═════ Data extracts ═════

(* A row of M(t)x sums to 1 iff exactly one support column meets it.  In the
   partial sum of order N, column k sits at index k + N. *)
Lemma row_eq_one_iff a b c t x m :
  Mrow_eq a b c t x m 1 <-> exists! k, x k = true /\ window a b c t m k.
Proof.
  split.
  - intros [N0 HN].
    assert (Hhit : exists k, x k = true /\ window a b c t m k).
    { apply NNPP; intros Hno. specialize (HN N0 (le_n _)).
      unfold Mpartial in HN. rewrite sum_eq_R0 in HN; [lra|].
      intros i _. apply Mterm_miss. intros Hk. apply Hno; eauto. }
    destruct Hhit as [k Hk]. exists k. split; [exact Hk|].
    intros k' Hk'. apply NNPP; intros Hne.
    set (N := (N0 + Z.to_nat (Z.abs k) + Z.to_nat (Z.abs k'))%nat).
    specialize (HN N ltac:(lia)). unfold Mpartial in HN.
    set (f := fun i => Mterm a b c t x m (Z.of_nat i - Z.of_nat N)%Z) in HN.
    assert (Hf : forall j, (Z.abs j <= Z.of_nat N)%Z ->
                 x j = true /\ window a b c t m j -> f (Z.to_nat (j + Z.of_nat N)) = 1).
    { intros j Hj [Hx Hw]. unfold f.
      replace (Z.of_nat (Z.to_nat (j + Z.of_nat N)) - Z.of_nat N)%Z with j by lia.
      now apply Mterm_hit. }
    pose proof (sum_ge_two_terms f (2 * N) (Z.to_nat (k + Z.of_nat N))
                  (Z.to_nat (k' + Z.of_nat N)) ltac:(intros; apply Mterm_nonneg)
                  ltac:(lia) ltac:(lia) ltac:(lia)) as Hge.
    rewrite (Hf k), (Hf k') in Hge by (auto; lia). lra.
  - intros [k [Hk Huniq]]. exists (Z.to_nat (Z.abs k)). intros N HN. unfold Mpartial.
    rewrite (sum_single _ _ (Z.to_nat (k + Z.of_nat N))) by
      (try lia; intros i Hi Hne; apply Mterm_miss; intros Hh; apply Huniq in Hh; lia).
    replace (Z.of_nat (Z.to_nat (k + Z.of_nat N)) - Z.of_nat N)%Z with k by lia.
    apply Mterm_hit; apply Hk.
Qed.

Lemma S_abc_iff a b c t : S_abc a b c t <-> exists x, admissible a b c t x.
Proof.
  split; intros [x [Hx0 Hrows]]; exists x; split; try exact Hx0;
    intros m; apply row_eq_one_iff; apply Hrows.
Qed.

Lemma admissible_unique a b c t x m k k' : admissible a b c t x ->
  x k = true -> window a b c t m k -> x k' = true -> window a b c t m k' -> k = k'.
Proof.
  intros [_ Hrows] Hx Hw Hx' Hw'. destruct (Hrows m) as [k0 [_ Hu]].
  pose proof (Hu k (conj Hx Hw)). pose proof (Hu k' (conj Hx' Hw')). congruence.
Qed.

Lemma admissible_shift a b c t x K : admissible a b c t x -> x K = true ->
  admissible a b c (t + b * IZR K) (fun k => x (k + K)%Z).
Proof.
  intros [_ Hrows] HK. split; [exact HK|]. intros m.
  assert (Hw : forall k, window a b c (t + b * IZR K) m k <-> window a b c t m (k + K)).
  { intros k. unfold window. rewrite plus_IZR. split; intros; lra. }
  destruct (Hrows m) as [k [Hk Hu]]. exists (k - K)%Z. split.
  - rewrite Hw. replace (k - K + K)%Z with k by ring. exact Hk.
  - intros k' [Hx' Hw']. rewrite Hw in Hw'. specialize (Hu _ (conj Hx' Hw')). lia.
Qed.

Lemma residue_exists a alpha t : 0 < a -> exists p, alpha <= t - a * IZR p < alpha + a.
Proof.
  intros Ha. destruct (euclidian_division (t - alpha) a) as [p [r [Ht Hr]]]; [lra|].
  rewrite Rabs_right in Hr by lra. exists p. lra.
Qed.

Lemma residue_unique a alpha t p q : 0 < a ->
  alpha <= t - a * IZR p < alpha + a -> alpha <= t - a * IZR q < alpha + a -> p = q.
Proof.
  intros Ha Hp Hq.
  assert (H1 : (p - q < 1)%Z) by (apply lt_IZR; rewrite minus_IZR; nra).
  assert (H2 : (q - p < 1)%Z) by (apply lt_IZR; rewrite minus_IZR; nra).
  lia.
Qed.

Lemma in_per_window a alpha u v t p : 0 < a -> alpha <= u -> v <= alpha + a ->
  alpha <= t - a * IZR p < alpha + a -> (in_per a u v t <-> u <= t - a * IZR p < v).
Proof.
  intros Ha Hu Hv Hp. split.
  - intros [k Hk]. replace p with k; [exact Hk|]. apply (residue_unique a alpha t); lra.
  - intros H. exists p. exact H.
Qed.

Lemma next_multiple a p m : 0 < a -> a * IZR p < a * IZR m -> a * IZR p + a <= a * IZR m.
Proof.
  intros Ha H. assert (Hpm : (p + 1 <= m)%Z).
  { cut (p < m)%Z; [lia|]. apply lt_IZR. nra. }
  apply IZR_le in Hpm. rewrite plus_IZR in Hpm. nra.
Qed.

Lemma lattice_point_unique b j k : 0 < b ->
  b * IZR j - b < b * IZR k < b * IZR j + b -> k = j.
Proof.
  intros Hb H.
  assert (H1 : (k < j + 1)%Z) by (apply lt_IZR; rewrite plus_IZR; nra).
  assert (H2 : (j - 1 < k)%Z) by (apply lt_IZR; rewrite minus_IZR; nra).
  lia.
Qed.

Lemma lattice_exceeds b r : 0 < b -> exists M, (0 <= M)%Z /\ r < b * IZR M.
Proof.
  intros Hb. destruct (archimed (r / b)) as [Hup _].
  exists (Z.max 0 (up (r / b))). split; [lia|].
  assert (Hle : IZR (up (r / b)) <= IZR (Z.max 0 (up (r / b)))) by (apply IZR_le; lia).
  assert (Hr : r = b * (r / b)) by (field; lra). nra.
Qed.

Lemma discrete_crossing (p : Z -> R) v j0 (d : nat) :
  p j0 < v -> v <= p (j0 + Z.of_nat d)%Z -> exists j, p (j - 1)%Z < v <= p j.
Proof.
  intros H0. induction d as [|d IH]; intros Hd.
  - rewrite Z.add_0_r in Hd. lra.
  - destruct (Rle_lt_dec v (p (j0 + Z.of_nat d)%Z)) as [Hle|Hlt]; [now apply IH|].
    exists (j0 + Z.of_nat (S d))%Z. split; [|exact Hd].
    replace (j0 + Z.of_nat (S d) - 1)%Z with (j0 + Z.of_nat d)%Z by lia. exact Hlt.
Qed.

(** * Staircases give admissible vectors *)

Definition support_of (pos : Z -> R) (b : R) (k : Z) : bool :=
  if excluded_middle_informative (exists j, pos j = pos 0%Z + b * IZR k) then true else false.

Section Staircase.
Variables (a b c : R) (pos : Z -> R).
Hypothesis hb : 0 < b.
Hypothesis step : forall j, exists K, (1 <= K)%Z /\ pos (j + 1)%Z = pos j + b * IZR K.
Hypothesis gap : forall j m, pos (j + 1)%Z - c < a * IZR m <-> pos j < a * IZR m.

Lemma staircase_spread j j' : (j <= j')%Z -> pos j + b * IZR (j' - j) <= pos j'.
Proof.
  intros Hjj. replace j' with (j + Z.of_nat (Z.to_nat (j' - j)))%Z by lia.
  induction (Z.to_nat (j' - j)) as [|d IH].
  - replace (j + Z.of_nat 0 - j)%Z with 0%Z by lia. rewrite Z.add_0_r. lra.
  - replace (j + Z.of_nat (S d))%Z with (j + Z.of_nat d + 1)%Z by lia.
    destruct (step (j + Z.of_nat d)) as [K [HK ->]]. apply IZR_le in HK.
    replace (j + Z.of_nat d + 1 - j)%Z with ((j + Z.of_nat d - j) + 1)%Z by lia.
    rewrite plus_IZR. nra.
Qed.
Lemma hyperideal_mul_l r {a} : I a -> I (hmul r a).
Proof. destruct HI as [_ [_ Hmul]]. auto. Qed.

End Hyperideal.

Section Coset.
Variables (M : R -> Prop) (HM : hyperideal R M).

Lemma coset_refl a : coset R M a a.
Proof. exists hzero. split; [apply hyperideal_0, HM | apply hadd_0_r]. Qed.

Lemma coset_trans a b c : coset R M a b -> coset R M b c -> coset R M a c.
Proof.
  intros [m [Hm Hb]] [m' [Hm' Hc]].
  destruct (proj1 (hadd_assoc HR a m m' c) (ex_intro _ b (conj Hb Hc)))
    as [w [Hw Hc']].
  exists w. split; [exact (hyperideal_add HM Hm Hm' Hw) | exact Hc'].
Qed.

Lemma coset_hmul_l r a b : coset R M a b -> coset R M (hmul r a) (hmul r b).
Proof.
  intros [m [Hm Hb]]. exists (hmul r m).
  split; [apply hyperideal_mul_l; assumption | apply hadd_hmul_l, Hb].
Qed.

Lemma coset_mem {N a b} :
  hyperideal R N -> (forall x, M x -> N x) -> coset R M a b -> N a -> N b.
Proof.
  intros HN HMN [m [Hm Hb]] Ha. exact (hyperideal_add HN Ha (HMN m Hm) Hb).
Qed.

End Coset.
End Krasner.

Section Quotient.
Variables (R : hsig) (HR : is_krasner R) (M : R -> Prop) (HM : hyperideal R M).

Lemma qmk_qrep (Z : quot R M) : qmk R M (qrep Z) = Z.
Proof.
  destruct Z as [X HX]. unfold qrep; simpl.
  destruct (constructive_indefinite_description _ HX) as [c ->]; simpl.
  unfold qmk. f_equal. apply proof_irrelevance.
Qed.

Lemma coset_of_qmk_eq a b : qmk R M a = qmk R M b -> coset R M a b.
Proof.
  intro E. apply (f_equal (@proj1_sig _ _)) in E. simpl in E.
  rewrite E. apply coset_refl; assumption.
Qed.

Lemma coset_qrep_qmk a : coset R M a (qrep (qmk R M a)).
Proof. apply coset_of_qmk_eq. symmetry. apply qmk_qrep. Qed.

Lemma qrep_hpow (Y : quot R M) k :
  coset R M (hpow R (qrep Y) k) (qrep (hpow (quot R M) Y k)).
Proof.
  induction k as [|k IH].
  - exact (coset_qrep_qmk hone).
  - apply (coset_trans HR HM) with (hmul (qrep Y) (qrep (hpow (quot R M) Y k))).
    + apply coset_hmul_l; assumption.
    + apply coset_qrep_qmk.
Qed.

Variables (N : R -> Prop) (HN : hyperideal R N) (HMN : forall x, M x -> N x).

Lemma qset_qmk a : qset (M := M) N (qmk R M a) <-> N a.
Proof.
  split.
  - intros [b [Hb E]]. apply (coset_mem HR HN HMN (coset_of_qmk_eq (eq_sym E)) Hb).
  - intro Ha. exists a. auto.
Qed.

Lemma qset_qrep (Z : quot R M) : qset N Z <-> N (qrep Z).
Proof. rewrite <- (qmk_qrep Z) at 1. apply qset_qmk. Qed.

Lemma qset_hyperideal : hyperideal (quot R M) (qset N).
Proof.
  apply hyperideal_intro.
  - destruct HN as [[a Ha] _]. exists (qmk R M a). now apply qset_qmk.
  - intros A HA. apply qset_qmk, (hyperideal_neg HR HN), qset_qrep, HA.
  - intros A B Z HA HB [c [Hc ->]]. apply qset_qmk.
    apply qset_qrep in HA, HB. exact (hyperideal_add HR HN HA HB Hc).
  - intros r A HA. apply qset_qmk, hyperideal_mul_l, qset_qrep; assumption.
Qed.

Lemma phiM_qset phi {a} : phi N a -> phiM phi (qset N) (qmk R M a).
Proof.
  intro Ha. unfold phiM.
  replace (fun x => qset (M := M) N (qmk R M x)) with N
    by (extensionality x; apply propositional_extensionality; symmetry; apply qset_qmk).
  exists a. split; [|reflexivity].
  exists a, hzero. split; [exact Ha | split; [apply (hyperideal_0 HR HM) | apply hadd_0_r, HR]].
Qed.

Lemma qset_psi_primary phi :
  psi_primary R phi N -> psi_primary (quot R M) (phiM phi) (qset N).
Proof.
  intros [_ Hprim]. split; [exact qset_hyperideal|].
  intros X Y HXY Hphi.
  apply (qset_qmk (hmul (qrep X) (qrep Y))) in HXY.
  assert (Hn : ~ phi N (hmul (qrep X) (qrep Y)))
    by (intro Hp; exact (Hphi (phiM_qset phi Hp))).
  destruct (Hprim _ _ HXY Hn) as [Hx | [k [Hk Hy]]].
  - left. now apply qset_qrep.
  - right. exists k. split; [exact Hk|].
    apply qset_qrep. exact (coset_mem HR HN HMN (qrep_hpow Y k) Hy).
Qed.

End Quotient.

Section Localization.
Variables (R : hsig) (HR : is_krasner R) (S : mclosed R).

(* [lcls S a s (b, t)] unfolds to [S t /\ lequiv a s b t]. *)
Definition lequiv (a s b t : R) : Prop :=
  exists u, S u /\ hmul u (hmul a t) = hmul u (hmul b s).

Lemma lequiv_refl a s : lequiv a s a s.
Proof. exists hone. split; [apply mset_one | reflexivity]. Qed.

Lemma lequiv_sym a s b t : lequiv a s b t -> lequiv b t a s.
Proof. intros [u [Hu E]]. exists u. auto. Qed.

Lemma lequiv_trans a s b t c r : S t -> lequiv a s b t -> lequiv b t c r -> lequiv a s c r.
Proof.
  intros Ht [u [Hu E1]] [v [Hv E2]].
  exists (hmul u (hmul v t)). split; [repeat apply mset_mul; assumption|].
  transitivity (hmul (hmul v r) (hmul u (hmul a t))); [hmul_ac|]. rewrite E1.
  transitivity (hmul (hmul u s) (hmul v (hmul b r))); [hmul_ac|]. rewrite E2.
  hmul_ac.
Qed.

Lemma lequiv_mul a s a' s' b t b' t' :
  lequiv a s a' s' -> lequiv b t b' t' ->
  lequiv (hmul a b) (hmul s t) (hmul a' b') (hmul s' t').
Proof.
  intros [u [Hu E1]] [v [Hv E2]]. exists (hmul u v). split; [apply mset_mul; assumption|].
  transitivity (hmul (hmul u (hmul a s')) (hmul v (hmul b t'))); [hmul_ac|].
  rewrite E1, E2. hmul_ac.
Qed.

Lemma mset_hpow {u} k : S u -> S (hpow R u k).
Proof. intro Hu. induction k; simpl; [apply mset_one | apply mset_mul; assumption]. Qed.

Lemma lmk_eq a s b t Hs Ht : lequiv a s b t -> lmk S a s Hs = lmk S b t Ht.
Proof.
  intro H. apply eq_sig_hprop; [intros; apply proof_irrelevance|]. simpl.
  extensionality p. apply propositional_extensionality. unfold lcls.
  split; intros [Hp Hrel]; split; auto.
  - exact (lequiv_trans Hs (lequiv_sym H) Hrel).
  - exact (lequiv_trans Ht H Hrel).
Qed.

Lemma lmk_inj a s b t Hs Ht : lmk S a s Hs = lmk S b t Ht -> lequiv a s b t.
Proof.
  intro E. apply (f_equal (@proj1_sig _ _)) in E. simpl in E.
  assert (Hb : lcls S b t (b, t)) by (split; [exact Ht | apply lequiv_refl]).
  rewrite <- E in Hb. exact (proj2 Hb).
Qed.

Lemma lmk_scale u a s Hs Hus : S u -> lmk S (hmul u a) (hmul u s) Hus = lmk S a s Hs.
Proof. intro Hu. apply lmk_eq. exists hone. split; [apply mset_one | hmul_ac]. Qed.

Lemma lmk_lnum_lden (X : loc S) : lmk S (lnum X) (lden X) (lden_in X) = X.
Proof.
  destruct X as [X HX]. unfold lnum, lden, lden_in, lrep; simpl.
  destruct (constructive_indefinite_description _ HX) as [[a s] [Hs E]]; simpl.
  apply eq_sig_hprop; [intros; apply proof_irrelevance|]. simpl. now rewrite E.
Qed.

Lemma lmk_surj (X : loc S) : exists a s Hs, X = lmk S a s Hs.
Proof. exists (lnum X), (lden X), (lden_in X). symmetry. apply lmk_lnum_lden. Qed.

Lemma lmk_hmul a s b t Hs Ht :
  @hmul (loc S) (lmk S a s Hs) (lmk S b t Ht) = lmk S (hmul a b) (hmul s t) (mset_mul S _ _ Hs Ht).
Proof.
  apply lmk_eq, lequiv_sym, lequiv_mul.
  - eapply lmk_inj. symmetry. apply lmk_lnum_lden.
  - eapply lmk_inj. symmetry. apply lmk_lnum_lden.
Qed.

Lemma lmk_hpow a s Hs k :
  hpow (loc S) (lmk S a s Hs) k = lmk S (hpow R a k) (hpow R s k) (mset_hpow k Hs).
Proof.
  induction k as [|k IH]; [apply lmk_eq, lequiv_refl|].
  cbn [hpow]. rewrite IH, lmk_hmul. apply lmk_eq, lequiv_refl.
Qed.

Variables (N : R -> Prop) (HN : hyperideal R N).

Lemma lset_lmk a s Hs : lset N (lmk S a s Hs) <-> exists u, S u /\ N (hmul u a).
Proof.
  split.
  - intros [b [t [Ht [Hb E]]]]. destruct (lmk_inj E) as [w [Hw Ew]].
    exists (hmul w t). split; [apply mset_mul; assumption|].
    replace (hmul (hmul w t) a) with (hmul (hmul w s) b)
      by (transitivity (hmul w (hmul b s)); [hmul_ac | rewrite <- Ew; hmul_ac]).
    apply (hyperideal_mul_l HN), Hb.
  - intros [u [Hu Ha]]. exists (hmul u a), (hmul u s), (mset_mul S _ _ Hu Hs).
    split; [exact Ha|]. symmetry. apply lmk_scale, Hu.
Qed.

Lemma lset_lnum (X : loc S) : lset N X <-> exists u, S u /\ N (hmul u (lnum X)).
Proof. rewrite <- (lmk_lnum_lden X) at 1. apply lset_lmk. Qed.

Lemma lset_hyperideal : hyperideal (loc S) (lset N).
Proof.
  apply hyperideal_intro.
  - destruct HN as [[a Ha] _]. exists (lmk S a hone (mset_one S)).
    exists a, hone, (mset_one S). auto.
  - intros Y HY. apply lset_lnum in HY as [v [Hv Hy]].
    change (lset N (lmk S (hneg (lnum Y)) (lden Y) (lden_in Y))).
    apply lset_lmk. exists v. split; [exact Hv|].
    rewrite (hmul_neg_r HR). apply (hyperideal_neg HR HN), Hy.
  - intros X Y Z HX HY [c [Hc ->]].
    apply lset_lnum in HX as [u [Hu Hx]], HY as [v [Hv Hy]].
    apply lset_lmk. exists (hmul u v). split; [apply mset_mul; assumption|].
    refine (hyperideal_add HR HN _ _ (hadd_hmul_l HR (hmul u v) Hc)).
    + replace (hmul (hmul u v) (hmul (lnum X) (lden Y)))
        with (hmul (hmul v (lden Y)) (hmul u (lnum X))) by hmul_ac.
      apply (hyperideal_mul_l HN), Hx.
    + replace (hmul (hmul u v) (hmul (lnum Y) (lden X)))
        with (hmul (hmul u (lden X)) (hmul v (lnum Y))) by hmul_ac.
      apply (hyperideal_mul_l HN), Hy.
  - intros r A HA. apply lset_lnum in HA as [u [Hu Ha]].
    change (lset N (lmk S (hmul (lnum r) (lnum A)) _ (mset_mul S _ _ (lden_in r) (lden_in A)))).
    apply lset_lmk. exists u. split; [exact Hu|].
    replace (hmul u (hmul (lnum r) (lnum A))) with (hmul (lnum r) (hmul u (lnum A))) by hmul_ac.
    apply (hyperideal_mul_l HN), Ha.
Qed.

Lemma lset_psi_primary phi :
  psi_primary R phi N ->
  (forall X, lset (S := S) (phi N) X -> phiS phi (lset N) X) ->
  psi_primary (loc S) (phiS phi) (lset N).
Proof.
  intros [_ Hprim] Hsub. split; [exact lset_hyperideal|].
  intros X Y HXY Hphi.
  destruct (lmk_surj X) as [a [s [Hs ->]]], (lmk_surj Y) as [b [t [Ht ->]]].
  rewrite lmk_hmul in HXY, Hphi.
  apply lset_lmk in HXY as [u [Hu Hab]].
  replace (hmul u (hmul a b)) with (hmul a (hmul u b)) in Hab by hmul_ac.
  assert (Hn : ~ phi N (hmul a (hmul u b))).
  { intro Hp. apply Hphi, Hsub.
    exists (hmul a (hmul u b)), (hmul u (hmul s t)), (mset_mul S _ _ Hu (mset_mul S _ _ Hs Ht)).
    split; [exact Hp|].
    apply lmk_eq. exists hone. split; [apply mset_one | hmul_ac]. }
  destruct (Hprim _ _ Hab Hn) as [Ha | [k [Hk Hb]]].
  - left. apply lset_lmk. exists hone. split; [apply mset_one | now rewrite (hmul_one HR)].
  - right. exists k. split; [exact Hk|].
    rewrite lmk_hpow. apply lset_lmk. exists (hpow R u k).
    split; [apply mset_hpow, Hu | now rewrite <- (hpow_hmul HR)].
Qed.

═════

Above are the records; copy exactly the lines from the line with "intros i _." through the line with "set (N := (N0", both included.

      intros i _. apply Mterm_miss. intros Hk. apply Hno; eauto. }
    destruct Hhit as [k Hk]. exists k. split; [exact Hk|].
    intros k' Hk'. apply NNPP; intros Hne.
    set (N := (N0 + Z.to_nat (Z.abs k) + Z.to_nat (Z.abs k'))%nat).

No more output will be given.